3.6 Compensation. Unless specifically agreed by the membership, Directors shall not be entitled to receive from the Council any compensation for their services as Directors.

Article IV - Committees

4.1

Executive Committee. The Executive Committee shall be composed of the four (4) elected officers as provided for in these Bylaws. Additional members may be assigned to the Executive Committee as deemed necessary by the Board of Directors.
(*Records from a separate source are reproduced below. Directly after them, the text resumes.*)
(* Let $a:\mathcal H\to k$ be linear and define ${}^tL_a:=(a\otimes\mathrm{Id})\circ\Phi:\mathcal H_{CK}\to\mathcal H_{CK}$, and ${}^tL_{m^*a}:\mathcal H_{CK}\otimes\mathcal H_{CK}\to\mathcal H_{CK}\otimes\mathcal H_{CK}$ by ${}^tL_{m^*a}(u\otimes v)=\sum a(u_1v_1)\,u_0\otimes v_0$, where $\Phi(u)=\sum u_1\otimes u_0$, $\Phi(v)=\sum v_1\otimes v_0$. Then $$\Delta_{CK}\circ{}^tL_a={}^tL_{m^*a}\circ\Delta_{CK}.$$ In particular, if $a$ lies in the graded dual $\mathcal H^\circ$, so that $a(xy)=\sum a_1(x)a_2(y)$ for finitely many $a_1,a_2\in\mathcal H^\circ$ (the coproduct of $\mathcal H^\circ$), then $\Delta_{CK}\circ{}^tL_a=\sum({}^tL_{a_1}\otimes{}^tL_{a_2})\circ\Delta_{CK}$.
   Context: Let $k$ be a field of characteristic $0$. Rooted trees are finite and non-planar; $\bullet$ denotes the one-vertex tree. (1) $\mathcal H$ is the free commutative $k$-algebra generated by isomorphism classes of rooted trees with at least one edge, with unit identified with $\bullet$. A subforest of a rooted tree $t$ is either the trivial subforest $\bullet$ or a nonempty set of pairwise vertex-disjoint subtrees of $t$ each with at least one edge, identified with the product of its components in $\mathcal H$; $t/s$ is the tree obtained by contracting each component of $s$ to a vertex. $\mathcal H$ is a Hopf algebra graded by number of edges, with multiplicative coproduct $\Delta(t)=\sum_s s\otimes t/s$ over subforests of $t$ (as subsets). (2) $\mathcal H_{CK}$ is the free commutative $k$-algebra on isomorphism classes of nonempty rooted trees, with unit the empty forest $\mathbf 1$ and Connes–Kreimer coproduct $\Delta_{CK}(u)=\sum v\otimes w$ over decompositions $U=V\sqcup W$ of the vertex set of the forest $u$ such that no vertex of $V$ lies strictly below (closer to a root along a root-to-vertex path) a vertex of $W$, $v,w$ being the induced forests. (3) $\Phi:\mathcal H_{CK}\to\mathcal H\otimes\mathcal H_{CK}$ is the algebra morphism with $\Phi(\mathbf 1)=\bullet\otimes\mathbf 1$ and $\Phi(t)=\sum_s s\otimes t/s$ (over subforests $s$ of $t$, $s\in\mathcal H$, $t/s\in\mathcal H_{CK}$) for each nonempty tree $t$. *)

From HB Require Import structures.
From mathcomp Require Import all_boot all_order all_algebra.
Set Implicit Arguments. Unset Strict Implicit. Unset Printing Implicit Defensive.
Import GRing.Theory.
4.2 Ad-Hoc Committees. The Board may take action to designate one or more committees to lead specific actions or projects of the council. Membership on such a committee will consist of members of the Council and one or more members of the Board of Directors. Specific duties and responsibilities will be determined by the action of the Board. The Board shall have the power to change the members of any such committee at any time, to fill vacancies, and to discharge any such committee, either with or without cause, at any time.

Article V - Officers

5.1

Election, Appointment and Term of Office.
(a) The officers of the Council shall be a Chairman, one or more Vice Chairmen, a Secretary, and a Treasurer. In addition, there may be other officers or assistants elected or appointed in the manner hereinafter provided. Any number of offices, other than the offices of Chairman and Secretary, may be held by the same person.
(b) The Officers of the Council shall be elected by the membership at the Annual Meeting. Each officer shall hold office until his/her successor is elected or appointed and shall have been qualified or until the earlier of death, resignation or removal in the manner hereinafter provided.
(c) The Board may elect or appoint other officers as it deems necessary, and such other officers shall have such authority and shall perform such duties as prescribed by the Board. The Board may elect or appoint other assistants as the board deems necessary.

5.2 Nomination of Officers. Prior to the Annual Meeting, the Chair will appoint a Nominating Committee which will identify a proposed slate of officers. The Nominating Committee will present the slate to the membership for election.
5.3 Resignation, Removal and Vacancies.
(a) Any officer may resign at any time by giving written notice to the Board or to the Chairman and the Secretary of the Council, and such resignation shall take effect at the time specified therein or, if the time when it shall become effective is not specified there, then it shall take effect immediately.
(b) All officers elected or appointed by the Board shall be subject to removal at any time by the Board, with or without cause.
5.4 Powers and Duties of Officers. All officers of the Council have the authority to perform such duties in the management of the Council as may be provided by the Board and, to the extent not so provided, as customarily pertain to their respective offices, subject to the control of the Board. Specifically:
(a) The Chairman shall be the chief executive officer of NCAREDC, and is hereby specifically authorized to execute all contracts on behalf of the Council.
(b) The Vice Chair shall assist the Chair in leading the actions and projects of NCAREDC, and shall act on behalf of the Chair in his/her absence.
(c) The Secretary shall be responsible for keeping all records and minutes of NCAREDC business, handling public information, and sending meeting notices and general correspondence.
(d) The Treasurer shall be responsible for safeguarding all NCAREDC funds, submitting accurate and timely reports to the Board and to the full membership, and for receiving and disbursing funds as directed by the Board.
5.5 Compensation and Expenses. The compensation, if any, to be paid by NCAREDC to its officers shall be fixed from time to time by the Board. No officer shall be prevented from receiving such compensation by reason of his also being a Director of the Council. Reimbursement of expenses incurred on behalf of the NCAREDC are authorized, pending Board approval.

Article VI - Seal

6.1

The Board shall provide a corporate seal, which shall be in the form of a circle and shall bear the name of the Council and words and figures showing that it was incorporated in the State of Arkansas.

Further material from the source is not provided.